Lemma embed_lift (R : realType) (Y : finType) (h : Y -> C R) y :
  embed h (lift ord0 (enum_rank y)) = h y.
Proof. by rewrite /embed liftK enum_rankK. Qed.

Lemma cinner_embed (R : realType) (Y : finType) (h : Y -> C R) v :
  cinner (embed h) v = \sum_y h y * conjc (v (lift ord0 (enum_rank y))).
Proof.
rewrite /cinner big_ord_recl {1}/embed unlift_none mul0r add0r.
rewrite (reindex (@enum_rank Y)) /=; last exact: onW_bij (enum_rank_bij Y).
by apply: eq_bigr => y _; rewrite embed_lift.
Qed.

(* The states psi_x themselves, tested against the uniform unit vector. *)
Lemma rep_values_neq0 (R : realType) (X Y : finType) (W : X -> Y -> R) (rho : R) :
  is_channel W -> 1 <= rho -> (rep_values W rho !=set0)%classic.
Proof.
move=> HW rho_ge1; have [W0 W1] := HW.
pose t x := embed (fun y => (Num.sqrt (W x y))%:C).
pose c : R := (Num.sqrt (#|Y|.+1%:R))^-1.
have c_gt0 : 0 < c by rewrite invr_gt0 sqrtr_gt0 ltr0n.
pose f : 'I_#|Y|.+1 -> C R := fun=> c%:C.
have tt x x' : cinner (t x) (t x') = (ip_psi W x x')%:C.
  rewrite cinner_embed /ip_psi rmorph_sum; apply: eq_bigr => y _.
  by rewrite /t embed_lift conjc_real -rmorphM.
have tf x : cinner (t x) f = ((\sum_y Num.sqrt (W x y)) * c)%:C.
  rewrite cinner_embed mulr_suml rmorph_sum; apply: eq_bigr => y _.
  by rewrite conjc_real -rmorphM.
have sqrtW_gt0 x : 0 < \sum_y Num.sqrt (W x y).
  rewrite lt_neqAle sumr_ge0 ?andbT => [|y _]; last exact: sqrtr_ge0.
  apply/eqP => /esym sqrtW0; have := W1 x; rewrite big1 => [/eqP|y _].
    by rewrite eq_sym oner_eq0.
  apply/eqP; rewrite eq_le W0 andbT -sqrtr_eq0.
  by rewrite (psumr_eq0P (fun y _ => sqrtr_ge0 (W x y)) sqrtW0).
exists (\big[Num.max/0]_x ln ((cabs (cinner (t x) f) ^+ 2)^-1)), #|Y|.+1, t, f.
split=> //; first split=> [x|x x'].
- rewrite /unit_vec tt (_ : ip_psi W x x = 1) // /ip_psi -(W1 x).
  by apply: eq_bigr => y _; rewrite -expr2 sqr_sqrtr.
- rewrite tt cabs_real ger0_norm ?ip_psi_ge0 //.
  have [->|psi_neq0] := eqVneq (ip_psi W x x') 0; first exact: powR_ge0.
  apply: ger1_powR; last by rewrite invf_le1 // (lt_le_trans ltr01).
  by rewrite lt_neqAle eq_sym psi_neq0 ip_psi_ge0 ip_psi_le1.
- rewrite /unit_vec /cinner; under eq_bigr do rewrite conjc_real -rmorphM.
  rewrite -rmorph_sum sumr_const card_ord -mulr_natl -expr2 exprVn.
  by rewrite sqr_sqrtr ?ler0n // mulfV // pnatr_eq0.
- by move=> x; rewrite tf cabs_real ger0_norm ?mulr_gt0 // ltW ?mulr_gt0.
Qed.

Section RepresentationBound.
Variables (R : realType) (X Y : finType) (W : X -> Y -> R).
Hypothesis HW : is_channel W.
Variables (n M : nat) (code : 'I_M -> 'I_n -> X) (rho : R).
Hypothesis rho_ge1 : 1 <= rho.
Variables (d : nat) (t : X -> 'I_d -> C R) (f : 'I_d -> C R).
Hypotheses (t_rep : orth_rep W rho t) (f_unit : unit_vec f)
  (tf_gt0 : forall x, 0 < cabs (cinner (t x) f)).

Let S := \big[Num.max/0]_(m < M) \sum_(m' < M | m' != m) ip_Psi W (code m) (code m').
Let V := \big[Num.max/0]_x ln ((cabs (cinner (t x) f) ^+ 2)^-1).
Let T m := tensor (fun i => t (code m i)).
Let F := tensor (fun _ : 'I_n => f).

Let rho_gt0 : 0 < rho. Proof. exact: lt_le_trans ltr01 rho_ge1. Qed.
Let rhoV01 : 0 < rho^-1 <= 1. Proof. by rewrite invr_gt0 rho_gt0 invf_le1. Qed.

Lemma normsq_tensor_unit : normsq F = 1.
Proof. by apply: complexI; rewrite -innerc_self innerc_tensor big1. Qed.

Lemma tensor_overlap_ge m : expR (- (n%:R * V)) <= cabs (innerc (T m) F) ^+ 2.
Proof.
have overlap_ge x : expR (- V) <= cabs (cinner (t x) f) ^+ 2.
  have tf2_gt0 : 0 < cabs (cinner (t x) f) ^+ 2 by rewrite exprn_gt0.
  rewrite -[leRHS]invrK expRN lef_pV2 ?posrE ?expR_gt0 ?invr_gt0 //.
  by rewrite -[leLHS]lnK ?posrE ?invr_gt0 // ler_expR (le_bigmax 0 (fun x => _) x).
rewrite innerc_tensor cabs_prod -prodrXl -mulrN expRM_natl.
rewrite -[n in _ ^+ n]card_ord -prodr_const.
by apply: ler_prod => i _; rewrite expR_ge0 overlap_ge.
Qed.

Lemma tensor_gram_row_le m :
  \sum_m' cabs (innerc (T m) (T m'))
  <= 1 + (M%:R - 1) `^ (1 - rho^-1) * S `^ rho^-1.
Proof.
have [t_unit t_bound] := t_rep; have [W0 _] := HW.
have Psi_ge0 m' : 0 <= ip_Psi W (code m) (code m').
  by rewrite ip_Psi_prod // prodr_ge0 // => i _; exact: ip_psi_ge0.
rewrite (bigD1 m) //=; apply: lerD.
  by rewrite innerc_tensor cabs_prod big1 // => i _; rewrite [innerc _ _]t_unit cabs1.
apply: le_trans (_ : \sum_(m' | m' != m) ip_Psi W (code m) (code m') `^ rho^-1 <= _).
  apply: ler_sum => m' _; rewrite innerc_tensor cabs_prod ip_Psi_prod //.
  rewrite powR_prod => [|i]; last exact: ip_psi_ge0.
  by apply: ler_prod => i _; rewrite cabs_ge0 t_bound.
apply: le_trans (sum_powR_le _ Psi_ge0 rhoV01) _.
rewrite cardC1 card_ord -subn1 natrB ?(leq_ltn_trans _ (ltn_ord m)) //.
rewrite ler_wpM2l ?powR_ge0 //; apply: ge0_ler_powR.
- by rewrite invr_ge0 ltW.
- by rewrite nnegrE sumr_ge0.
- by rewrite nnegrE bigmax_ge_id.
exact: (le_bigmax 0 (fun m => \sum_(m' < M | m' != m) ip_Psi W (code m) (code m')) m).
Qed.

Lemma rep_value_bound :
  M%:R * expR (- (n%:R * V)) <= 1 + (M%:R - 1) `^ (1 - rho^-1) * S `^ rho^-1.
Proof.
apply: le_trans (sum_cabs_innerc_le normsq_tensor_unit _ tensor_gram_row_le).
  rewrite mulr_natl -[M in _ *+ M]card_ord -sumr_const.
  by apply: ler_sum => m _; exact: tensor_overlap_ge.
by rewrite addr_ge0 ?mulr_ge0 ?powR_ge0.
Qed.
End RepresentationBound.

Lemma expR_inf_le (R : realType) (E : set R) (a k c : R) :
  (E !=set0)%classic -> 0 < a -> 0 <= k ->
  (forall v, E v -> a * expR (- (k * v)) <= c) ->
  a * expR (- (k * inf E)) <= c.
Proof.
move=> [v0 Ev0] a_gt0 k_ge0 boundE.
have [k0|k_neq0] := eqVneq k 0; first by have := boundE v0 Ev0; rewrite k0 !mul0r.
have k_gt0 : 0 < k by rewrite lt_neqAle eq_sym k_neq0.
have ca_gt0 : 0 < c / a.
  by rewrite divr_gt0 // (lt_le_trans _ (boundE v0 Ev0)) ?mulr_gt0 ?expR_gt0.
have lnE v : E v -> - (k * v) <= ln (c / a).
  by move=> /boundE Ev; rewrite -ler_expR lnK ?posrE // ler_pdivlMr // mulrC.
have inf_ge : - ln (c / a) / k <= inf E.
  apply: lb_le_inf; first by exists v0.
  by move=> v /lnE; rewrite ler_pdivrMr // mulrC; lra.
rewrite mulrC -ler_pdivlMr // -[leRHS]lnK ?posrE // ler_expR.
by move: inf_ge; rewrite ler_pdivrMr // mulrC; lra.
Qed.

........

In the entries above, find the line holding "M%:R * expR" and the line holding "(E !=set0)%classic -> 0 < a -> 0 <= k ->", then retype exactly those two lines and every line between them, and nothing else.

  M%:R * expR (- (n%:R * V)) <= 1 + (M%:R - 1) `^ (1 - rho^-1) * S `^ rho^-1.
Proof.
apply: le_trans (sum_cabs_innerc_le normsq_tensor_unit _ tensor_gram_row_le).
  rewrite mulr_natl -[M in _ *+ M]card_ord -sumr_const.
  by apply: ler_sum => m _; exact: tensor_overlap_ge.
by rewrite addr_ge0 ?mulr_ge0 ?powR_ge0.
Qed.
End RepresentationBound.

Lemma expR_inf_le (R : realType) (E : set R) (a k c : R) :
  (E !=set0)%classic -> 0 < a -> 0 <= k ->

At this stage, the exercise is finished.